Monday, Jul. 18, 1932
On Public Links
Public golf courses are dangerous places. Etiquet is not observed as closely as at private clubs. There is a good deal of driving into the players ahead, club-throwing after bad shots, teeing-up-on-the-fairway, kicking the ball in the rough, cursing, gouging of divots. But even public links golfers know that automobiles should not drive across golf courses. One afternoon last week, when a car suddenly burst through some shrubbery and went careening across the Cherry Ridge links in Elyria, Ohio, scores of public linksmen, hurrying around to get through before dinner, grew righteously, furiously indignant.
"Hey!" they shouted. "Whaddya thinkya doin'?" The car was circling madly, looking for an exit. As it jounced across fairways and putting greens, the golfers of Elyria swarmed toward it, yelling imprecations, picking up things to throw. Some threw rocks, some threw golf balls. Then they began throwing putters, irons, wooden clubs. The car's windshield was smashed. Its body clattered under the fire. Suddenly one of its occupants was pitched out and the automobile made back for the shrubbery, vanished up a lane while a desperate defender in the rear seat fired away with a revolver.

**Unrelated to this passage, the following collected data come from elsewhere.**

Lemma initial_segment_rcons L v : initial_segment L -> v \notin L ->
  (forall y, y \notin rcons L v -> lt v y) -> initial_segment (rcons L v).
Proof.
move=> [uL sortedL initL] vL v_min.
have idx x : x \in L -> index x (rcons L v) = index x L.
  by move=> xL; rewrite -cats1 index_cat xL.
have idx_v : index v (rcons L v) = size L.
  by rewrite -cats1 index_cat (negbTE vL) /= eqxx addn0.
split=> [|x y [+ []]|x y]; rewrite ?rcons_uniq ?vL // !mem_rcons !inE.
  case/predU1P=> [->|xL] /predU1P [->|yL]; rewrite ?ltnn ?idx_v ?idx //.
  - by rewrite ltnNge index_size.
  - by move=> _; apply: initL.
  - by move=> lt_xy; apply: sortedL.
case/predU1P=> [->|xL] /norP [yv yL]; first by apply: v_min; rewrite mem_rcons inE negb_or yv.
exact: initL.
Qed.

Lemma initial_segment_precedes L :
  (forall x, ~ lt x x) -> (forall x y z, lt x y -> lt y z -> lt x z) ->
  initial_segment L -> forall x y, x \in L -> y \in L -> precedes L x y <-> lt x y.
Proof.
move=> lt_irr lt_trans [_ sortedL _] x y xL yL; split; first exact: sortedL.
move=> lt_xy; split=> //; split=> //.
case: ltngtP => // [lt_yx|/(index_inj x xL yL) eq_xy].
  by case: (lt_irr x); apply: lt_trans lt_xy (sortedL _ _ _).
by rewrite eq_xy in lt_xy; case: (lt_irr y).
Qed.

End InitialSegments.

Section LexBFS.
Variables (V : finType) (E : V -> V -> Prop) (ord : V -> V -> V -> Prop) (v0 : V).
Hypotheses (ordE : edge_ordered E ord) (connE : connected E v0).

Lemma minimal_walk_exists v : exists m, [/\ is_walk E v0 m, last v0 m = v &
  forall q, is_walk E v0 q -> last v0 q = v -> q = m \/ shortlex_from ord v0 m q].
Proof.
(* A walk longer than [s] is never least, so minimising over the finitely many
   sequences of size at most [size s] suffices. *)
have [_ /walkE [s [_ Ws Ls]]] := connE v.
pose P q := is_walk E v0 q /\ last v0 q = v.
have [||m [_ [Wm Lm] m_min]] := @exists_min_in_seq _ (shortlex_from ord v0) P
    (seqs_upto V (size s)) (shortlex_from_trans ordE (u := v0)).
- by move=> a b [Wa _] [Wb _]; apply: shortlex_from_total.
- by exists s; [apply: mem_seqs_upto|].
exists m; split=> // q Wq Lq; case: (leqP (size q) (size s)) => [le_qs|lt_sq].
  exact: m_min (mem_seqs_upto le_qs) (conj Wq Lq).
right; left; apply: leq_ltn_trans lt_sq.
by case: (m_min s (mem_seqs_upto (leqnn _)) (conj Ws Ls)) => [->|/shortlex_from_size].
Qed.

(* [mpath v] is min^s(v0 ~> v) without its source v0. *)
Definition mpath (v : V) : seq V := sval (cid (minimal_walk_exists v)).

Lemma mpath_walk v : is_walk E v0 (mpath v).
Proof. by case: (svalP (cid (minimal_walk_exists v))). Qed.

Lemma mpath_last v : last v0 (mpath v) = v.
Proof. by case: (svalP (cid (minimal_walk_exists v))). Qed.

Lemma mpath_min v q : is_walk E v0 q -> last v0 q = v ->
  q = mpath v \/ shortlex_from ord v0 (mpath v) q.
Proof. by case: (svalP (cid (minimal_walk_exists v))) => _ _; apply. Qed.

Lemma mpath_root : mpath v0 = [::].
Proof.
by case: (mpath_min (q := [::]) I erefl) => [<-|/shortlex_from_size]; last case: mpath.
Qed.
(* Let $(\Omega,\mathcal{F})$ be a measurable space, $\mathcal{P}$ a nonempty set of probability measures on it, $\hat{\mathbb{E}}[Z]=\sup_{P\in\mathcal{P}}E_P[Z]$, and let $X,Y,Z$ be random variables with $\hat{\mathbb{E}}[X^2]+\hat{\mathbb{E}}[Y^2]+\hat{\mathbb{E}}[Z^2]<\infty$. Then: (1) $\overline{C}(X,Y)=\overline{C}(Y,X)$ and $\underline{C}(X,Y)=\underline{C}(Y,X)$; (2) for all $a,b\in\mathbb{R}$, $\overline{C}(X+a,Y+b)=\overline{C}(X,Y)$ and $\underline{C}(X+a,Y+b)=\underline{C}(X,Y)$; (3) $\overline{C}(X+Y,Z)\le\overline{C}(X,Z)+\overline{C}(Y,Z)$; (4) $\underline{C}(X+Y,Z)\ge\underline{C}(X,Z)+\underline{C}(Y,Z)$; (5) for all $a,b\in\mathbb{R}$ with $ab\ge0$, $\overline{C}(aX,bY)=ab\,\overline{C}(X,Y)$ and $\underline{C}(aX,bY)=ab\,\underline{C}(X,Y)$; (6) for all $a,b\in\mathbb{R}$ with $ab\le 0$, $\overline{C}(aX,bY)=ab\,\underline{C}(X,Y)$; in particular $\underline{C}(X,Y)=-\overline{C}(-X,Y)=-\overline{C}(X,-Y)$.
   Context: For a random variable $W$ with $\hat{\mathbb{E}}[W^2]<\infty$: $\overline{\mu}_W=\hat{\mathbb{E}}[W]$, $\underline{\mu}_W=-\hat{\mathbb{E}}[-W]$, $M_W=[\underline{\mu}_W,\overline{\mu}_W]$. Upper covariance: $\overline{C}(X,Y)=\max_{\mu_2\in M_Y}\min_{\mu_1\in M_X}\hat{\mathbb{E}}[(X-\mu_1)(Y-\mu_2)]$; lower covariance: $\underline{C}(X,Y)=\min_{\mu_2\in M_Y}\max_{\mu_1\in M_X}\left(-\hat{\mathbb{E}}[-(X-\mu_1)(Y-\mu_2)]\right)$. *)

From mathcomp Require Import all_boot all_order all_algebra.
From mathcomp Require Import all_classical all_reals all_analysis.
Set Implicit Arguments. Unset Strict Implicit. Unset Printing Implicit Defensive.
Import Order.TTheory GRing.Theory Num.Theory.
Local Open Scope classical_set_scope.
Local Open Scope ring_scope.

Section SublinearCov.
Context {d : measure_display} {T : measurableType d} {R : realType}.
Variable PP : set (probability T R).

Definition Ehat (W : T -> R) : \bar R :=
  ereal_sup [set (\int[P]_x (W x)%:E)%E | P in PP].

Definition mu_up (W : T -> R) : \bar R := Ehat W.
Definition mu_lo (W : T -> R) : \bar R := (- Ehat (fun w => (- W w)%R))%E.

Definition Mint (W : T -> R) : set R :=
  [set m : R | (mu_lo W <= m%:E)%E /\ (m%:E <= mu_up W)%E].

Definition cov_up (X Y : T -> R) : \bar R :=
  ereal_sup [set ereal_inf [set Ehat (fun w => (X w - m1) * (Y w - m2))
                             | m1 in Mint X] | m2 in Mint Y].

Definition cov_lo (X Y : T -> R) : \bar R :=
  ereal_inf [set ereal_sup [set (- Ehat (fun w => (- ((X w - m1) * (Y w - m2)))%R))%E
                             | m1 in Mint X] | m2 in Mint Y].
End SublinearCov.

From mathcomp Require Import all_boot all_order all_algebra.
From mathcomp Require Import all_classical all_reals all_analysis.
From mathcomp Require Import ring lra.
Set Implicit Arguments. Unset Strict Implicit. Unset Printing Implicit Defensive.
Import Order.TTheory GRing.Theory Num.Theory.
Local Open Scope classical_set_scope.
Local Open Scope ring_scope.
Variant vidx_spec v p : option 'I_3 -> Type :=
  | VidxSome x of vplaq v x = p : vidx_spec v p (Some x)
  | VidxNone of (forall x, vplaq v x != p) : vidx_spec v p None.

Lemma vidxP v p : vidx_spec v p (vidx v p).
Proof. by rewrite /vidx; case: pickP => [x /eqP | /(_ _) /negbT]; constructor. Qed.

Lemma star_at_vstar v y k : star_at (vstar v y) k = y (vedge v k).
Proof. by elim/ord3_ind: k. Qed.

Lemma vstar_cxor v (y z : config L1 L2) : vstar v (cxor y z) = star_xor (vstar v y) (vstar v z).
Proof. by rewrite /vstar /star_xor /star_of /= !ffunE. Qed.

Lemma vstar_alpha_pl v p :
  vstar v (alpha_pl p) = if vidx v p is Some x then star_plaq x else star0.
Proof.
rewrite /vstar /star_plaq /star_of !ffunE !mem_bdry_vedge.
case: vidxP => [x <- | vplaq_neq]; last by rewrite ![p == _]eq_sym !(negbTE (vplaq_neq _)).
by rewrite !(inj_eq (@vplaq_inj v)) -!neq_next3.
Qed.

Lemma star_parity_pmap v ps : star_parity (pmap (vidx v) ps) = vstar v (xsum ps).
Proof.
elim: ps => [|p ps IHps]; first by rewrite /vstar /star_of !ffunE.
rewrite /= vstar_cxor vstar_alpha_pl -IHps.
by case: (vidx v p) => //=; case: (star_parity _) => [[]].
Qed.

Lemma pmap_vidx_uniq v ps : uniq ps -> uniq (pmap (vidx v) ps).
Proof. by apply: (pmap_uniq (g := vplaq v)) => p; case: vidxP. Qed.

Lemma edge_order_pmap v t k ps :
  edge_order t k (pmap (vidx v) ps) =
  [seq p == vplaq v (mark t k) |
     p <- ps & (p == vplaq v (mark t k)) || (p == vplaq v (mark (~~ t) k))].
Proof.
rewrite /edge_order; elim: ps => //= p ps IHps; case: vidxP => [x <- | vplaq_neq] /=.
  rewrite !(inj_eq (@vplaq_inj v)) -neq_mark.
  by case: (x != k); rewrite /= ?(inj_eq (@vplaq_inj v)) IHps.
by rewrite ![p == _]eq_sym !(negbTE (vplaq_neq _)).
Qed.

Lemma vplaq_across (c : cell L1 L2) k t :
  vplaq (c, false) (mark t k) = vplaq ((vedge (c, false) k).1, true) (mark (~~ t) k).
Proof. by case: t; elim/ord3_ind: k; cell_ring. Qed.

Lemma edge_order_endpoint v k ps :
  edge_order v.2 k (pmap (vidx v) ps) = edge_order true k (pmap (vidx ((vedge v k).1, true)) ps).
Proof.
rewrite !edge_order_pmap; case: v => c []; first by rewrite /vedge /= addr0.
by rewrite !(vplaq_across c k) /=; congr map; apply: eq_filter => p; rewrite orbC.
Qed.

Definition plaquette_phase (p : cell L1 L2) (y : config L1 L2) : Z4 :=
  \sum_v if vidx v p is Some x then corner_phase x (vstar v y) else 0.

Lemma plaquette_phase_corners p y : plaquette_phase p y =
  \sum_(x < 3) (corner_phase x (vstar (p - plaq_offset true x, true) y)
              + corner_phase x (vstar (p - plaq_offset false x, false) y)).
Proof.
have vidx_sum v : (if vidx v p is Some x then corner_phase x (vstar v y) else 0)
    = \sum_(x < 3) if vplaq v x == p then corner_phase x (vstar v y) else 0.
  case: vidxP => [x <- | vplaq_neq]; last first.
    by rewrite big1 // => x _; rewrite (negbTE (vplaq_neq x)).
  rewrite (bigD1 x) //= eqxx big1 ?addr0 // => z /negbTE zx.
  by rewrite (inj_eq (@vplaq_inj v)) zx.
rewrite /plaquette_phase (eq_bigr _ (fun v _ => vidx_sum v)) exchange_big /=.
apply: eq_bigr => x _; rewrite sum_pair_bool big_split.
have corner t :
    \sum_(c : cell L1 L2) (if vplaq (c, t) x == p then corner_phase x (vstar (c, t) y) else 0)
    = corner_phase x (vstar (p - plaq_offset t x, t) y).
  by rewrite -big_mkcond (eq_bigl _ _ (fun c => addr_eq_subr c (plaq_offset t x) p)) big_pred1_eq.
by rewrite !corner.
Qed.

Definition corner_labels (t : bool) (x : 'I_3) : nat * nat * nat :=
  match t, nat_of_ord x with
  | true, 0 => (8, 2, 3) | true, 1 => (1, 12, 6) | true, _ => (4, 5, 10)
  | false, 0 => (11, 5, 6) | false, 1 => (4, 9, 3) | false, _ => (1, 2, 7)
  end%N.

Lemma vstar_corner p t x y : vstar (p - plaq_offset t x, t) y =
  let: (j0, j1, j2) := corner_labels t x in
  (y (pl_edge p j0), y (pl_edge p j1), y (pl_edge p j2)).
Proof.
case: t; elim/ord3_ind: x; rewrite /vstar /star_of /=; congr (_, _, _); congr (y _);
  rewrite /pl_edge /ea /eb /ec /vedge /=; congr (_, _); cell_ring.
Qed.

Lemma bphaseE p y : bphase p y = phase (plaquette_phase p y).
Proof.
rewrite plaquette_phase_corners big_ord3 !vstar_corner.
cbn [corner_labels corner_phase nat_of_ord fst snd].
rewrite /bphase; do 6!rewrite big_ltn //; rewrite big_geq // mulr1.
rewrite -phase2 -phase1 !phase_exprz -!phaseD; congr phase.
by rewrite /prev6 /= /np /nm /zbit; ring.
Qed.

Lemma cxor0 (y : config L1 L2) : cxor y (czero L1 L2) = y.
Proof. by apply/ffunP => e; rewrite !ffunE addbF. Qed.

Lemma cxorA (x y z : config L1 L2) : cxor x (cxor y z) = cxor (cxor x y) z.
Proof. by apply/ffunP => e; rewrite !ffunE addbA. Qed.

Lemma cxorAC (x y z : config L1 L2) : cxor (cxor x y) z = cxor (cxor x z) y.
Proof. by apply/ffunP => e; rewrite !ffunE addbAC. Qed.

(* The exponent of the product of the b_(p_k) evaluated at
   y + alpha^(p_1) + ... + alpha^(p_(k-1)), arranged as a sum over vertices. *)
Definition sequence_phase (ps : seq (cell L1 L2)) (y : config L1 L2) : Z4 :=
  \sum_v corner_phases (pmap (vidx v) ps) (vstar v y).

Lemma sequence_phase_cons p ps y :
  sequence_phase (p :: ps) y = plaquette_phase p y + sequence_phase ps (cxor y (alpha_pl p)).
Proof.
rewrite /sequence_phase /plaquette_phase -big_split; apply: eq_bigr => v _ /=.
by rewrite vstar_cxor vstar_alpha_pl; case: (vidx v p) => //=; rewrite star_xor0 add0r.
Qed.

Lemma prod_bphase_ratio (a y : config L1 L2) ps :
  \prod_(k < size ps) (bphase (nth (0, 0) ps k) (cxor (cxor y a) (xsum (take k ps)))
                       / bphase (nth (0, 0) ps k) (cxor y (xsum (take k ps))))
  = phase (sequence_phase ps (cxor y a) - sequence_phase ps y).
Proof.
elim: ps y => [|p ps IHps] y; first by rewrite big_ord0 /sequence_phase !big1 // subrr phase0.
rewrite big_ord_recl -[nth _ _ ord0]/p -[take ord0 _]/[::] -[xsum [::]]/(czero L1 L2) !cxor0.
under eq_bigr => k _ do rewrite lift0 /= !cxorA (cxorAC y a).
rewrite IHps !sequence_phase_cons !bphaseE -phaseB -phaseD (cxorAC y a).
by congr phase; rewrite opprD addrACA.
Qed.

Lemma sum_signed_vedges_eq0 (T : edge L1 L2 -> Z4) :
  \sum_v zsign (~~ v.2) * (T (vedge v i0) + T (vedge v i1) + T (vedge v i2)) = 0.
Proof.
have shift (k : 'I_3) (d : cell L1 L2) :
    \sum_(c : cell L1 L2) T (c + d, k) = \sum_(c : cell L1 L2) T (c, k).
  by rewrite [RHS](reindex_inj (addIr d)).
rewrite sum_pair_bool; under eq_bigr do rewrite /= mul1r mulN1r.
by rewrite big_split sumrN !big_split /vedge /= !shift subrr.
Qed.

Lemma sequence_phase_defect ps (y a : config L1 L2) :
  sequence_phase ps (cxor y a) - sequence_phase ps y =
  \sum_v vertex_defect v.2 (pmap (vidx v) ps) (vstar v y) (vstar v a).
Proof.
pose T e :=
  zbit (a e) * zsign (y e) * order_weight (edge_order true e.2 (pmap (vidx (e.1, true)) ps)).
have weight v k : edge_weight v.2 (pmap (vidx v) ps) (vstar v y) (vstar v a) k = T (vedge v k).
  by rewrite /edge_weight !star_at_vstar edge_order_endpoint.
rewrite /sequence_phase; under eq_bigr do rewrite vstar_cxor.
under [RHS]eq_bigr => v _ do rewrite /vertex_defect !weight.
by rewrite [RHS]sumrB sum_signed_vedges_eq0 subr0 sumrB.
Qed.

Lemma alpha_path_mem (es : seq (edge L1 L2)) e : alpha_path es e -> e \in es.
Proof.
elim: es => [|f es IHes]; first by rewrite /alpha_path /= ffunE.
rewrite /alpha_path /= -/(alpha_path es) !ffunE in_cons.
by case: (e == f) => //= /IHes ->; rewrite orbT.
Qed.

Lemma inConn_vedge es v k :
  vstar v (alpha_path es) != star0 -> inConn es (vedge v k).
Proof.
move=> alpha_v; have /existsP [j alpha_j] : [exists j, alpha_path es (vedge v j)].
  apply: contraTT alpha_v => /existsPn alpha_nv.
  by rewrite negbK /vstar /star_of !(negbTE (alpha_nv _)).
apply/orP; right; apply/hasP; exists (vedge v j); first exact: alpha_path_mem.
by apply/existsP; exists v; rewrite !incident_vedge.
Qed.

End Honeycomb.

Theorem lemma2 (L1 L2 : nat) (hL1 : (3 <= L1)%N) (hL2 : (3 <= L2)%N)
    (v0 : vertex L1 L2) (es : seq (edge L1 L2)) (hwalk : is_walk v0 es)
    (ps qs : seq (cell L1 L2)) (hps : uniq ps) (hqs : uniq qs)
    (hpsB : all (inB es) ps) (hqsB : all (inB es) qs)
    (hdiff : [set p in ps] != [set p in qs])
    (hres : forall e : edge L1 L2, inConn es e -> xsum ps e = xsum qs e)
    (i : config L1 L2) :
  theta es i ps = theta es i qs.
Proof.
rewrite /theta !prod_bphase_ratio !sequence_phase_defect; congr phase.
apply: eq_bigr => v _; set a := vstar v (alpha_path es).
have [/eqP a0 | a_neq0] := boolP (a == star0); first by rewrite a0 !vertex_defect0.
apply: vertex_defect_parity; rewrite ?pmap_vidx_uniq // !star_parity_pmap.
by rewrite /vstar /star_of !hres //; apply: inConn_vedge.
Qed.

The man who was pitched out rubbed his lacerated head and began mumbling words of gratitude to the angry throng of golfers that surrounded him. He said he was one Joseph Myda, 45. The automobile's other passengers, he said, were Cleveland gunmen who had been taking him for a "ride." They had got into the wrong lane, made a sudden turn and debouched upon the teeming, angry. Cherry Ridge fairways. Grateful Mr. Myda was sent away to a hospital. Elyria's growling linksmen returned to their games.
On a public golf course at Kansas City, Mo., last week, Federal detectives picked up three players, identified two of them, Thomas Holden and Francis L. Keating, as mail-train robbers who escaped from Leavenworth two years ago; a third, John Brown, as one of the men who held up the Citizens' National Bank at Fort Scott, Kan. last month. Their wives, idly watching the game from a parked car, had guns in their handbags.